C. Rajagopalachari - Split From Congress - Parting of Ways

Parting of Ways

Following his resignation as Chief Minister, Rajaji took a temporary break from active politics and instead devoted his time to literary pursuits. He wrote a Tamil re-telling of the Sanskrit epic Ramayana which appeared as a serial in the Tamil magazine Kalki from May 23, 1954 to November 6, 1955. The episodes were later collected and published as Chakravarthi Thirumagan, a book which won Rajaji the 1958 Sahitya Academy award in Tamil language. On Republic Day 1955, Rajaji was honoured with India's highest civilian award, the Bharat Ratna.

Rajaji tendered his official resignation from the Indian National Congress and along with a number of other dissidents organised the Congress Reform Committee (CRC) in January 1957. K. S. Venkatakrishna Reddiar was elected President and the party fielded candidates in 55 constituencies in the 1957 state assembly elections, to emerge as the second largest party in Madras state with 13 seats in the legislative assembly. The Congress Reform Committee also contested 12 Lok Sabha seats during the 1957 Indian elections. The committee became a fully-fledged political party and was renamed the Indian National Democratic Congress at a state conference held in Madurai on September 28–29, 1957.

On June 4, 1959, shortly after the Nagpur session of the Indian National Congress, Rajaji, along with Murari Vaidya of the newly established Forum of Free Enterprise (FFE) and Minoo Masani, a classical liberal and critic of socialist Nehru, announced the formation of the new Swatantra Party at a meeting in Madras. Conceived by disgruntled heads of former princely states such as the Raja of Ramgarh, the Maharaja of Kalahandi and the Maharajadhiraja of Darbhanga, the party was conservative in character. Later, N. G. Ranga, K. M. Munshi, Field Marshal K. M. Cariappa and the Maharaja of Patiala joined the effort. Rajaji, Masani and Ranga also tried but failed to involve Jayaprakash Narayan in the initiative.

In his short essay "Our Democracy", Rajaji explained the necessity for a right-wing alternative to the Congress by saying:

since... the Congress Party has swung to the Left, what is wanted is not an ultra or outer-Left, but a strong and articulate Right

Rajaji also insisted that the opposition must:

operate not privately and behind the closed doors of the party meeting, but openly and periodically through the electorate.
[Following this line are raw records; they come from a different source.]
Theorem mainTheorem4 (R : realType) (g : 'M[R]_2) (P : 'rV[R]_2 -> R)
  (U : 'rV[R]_5) :
  spd2 g ->
  (forall x : 'rV[R]_2, 0 < x 0 0 -> differentiable P x) ->
  0 < rhoU U ->
  let Prho := 'D_(delta_mx 0 0) P (rho_e U) in
  let Pe := 'D_(delta_mx 0 1) P (rho_e U) in
  let p := P (rho_e U) in
  0 < p * Pe + rhoU U ^+ 2 * Prho ->
  let c := Num.sqrt (p * Pe + rhoU U ^+ 2 * Prho) / rhoU U in
  (forall w : 'rV[R]_2, ginv_norm2 g w = 1 ->
     let vw := vU U 0 * w 0 0 + vU U 1 * w 0 1 in
     char_poly (Abar_w P g w U) =
       \prod_(l <- [:: vw; vw; vw; vw + c; vw - c]) ('X - l%:P))
  /\ nonstrictly_hyperbolic_at P g U.
Proof.
move=> gspd HPd r_gt0 Prho Pe p K_gt0 c.
have gsym : g^T = g by case: gspd.
have dP : differentiable P (rho_e U) by apply: HPd; rewrite mxE.
have r_neq0 : rhoU U != 0 by rewrite gt_eqF.
have cc : c * c = Prho + p * Pe / (rhoU U * rhoU U).
  by rewrite /c -expr2 expr_div_n sqr_sqrtr ?ltW //; field.
have spectrum w : ginv_norm2 g w = 1 ->
    let vw := vU U 0 * w 0 0 + vU U 1 * w 0 1 in
    char_poly (Abar_w P g w U) =
      \prod_(l <- [:: vw; vw; vw; vw + c; vw - c]) ('X - l%:P).
  move=> w_unit vw.
  rewrite (Abar_w_euler_mx gsym) ?spd2_det_gt0 //; apply: char_poly_euler_mx => //.
  by rewrite -w_unit /ginv_norm2 quad_form2; ring.
split=> // w w_unit; set vw := vU U 0 * w 0 0 + vU U 1 * w 0 1.
exists [:: vw; vw; vw; vw + c; vw - c]; split=> //; split; first exact: spectrum.
by rewrite /= inE eqxx.
Qed.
He outlined the goals of the Swatantra Party through twenty one "fundamental principles" in the foundation document. The party stood for equality and opposed government control over the private sector. Rajaji sharply criticised the bureaucracy and coined the term "license-permit Raj" to describe Nehru's elaborate system of permissions and licenses required for an individual to set up a private enterprise. Rajaji's personality became a rallying point for the party.

Rajaji's efforts to build an anti-Congress front led to a patch up with his former adversary C. N. Annadurai of the Dravida Munnetra Kazhagam. During the late 1950s and early 1960s, Annadurai grew close to Rajaji and sought an alliance with the Swatantra Party for the 1962 Madras legislative assembly elections. Although there were occasional electoral pacts between the Swatantra Party and the Dravida Munnetra Kazhagam (DMK), Rajaji remained non-committal on a formal tie-up with the DMK due to its existing alliance with Communists whom he dreaded. The Swatantra Party contested 94 seats in the Madras state assembly elections and won six as well as won 18 parliamentary seats in the 1962 Lok Sabha elections.

India's use of military force against Portugal to capture the Portuguese enclave of Goa was criticised by Rajaji who said of the operation and subsequent acts of international diplomacy, "India has totally lost the moral power to raise her voice against the use of military power."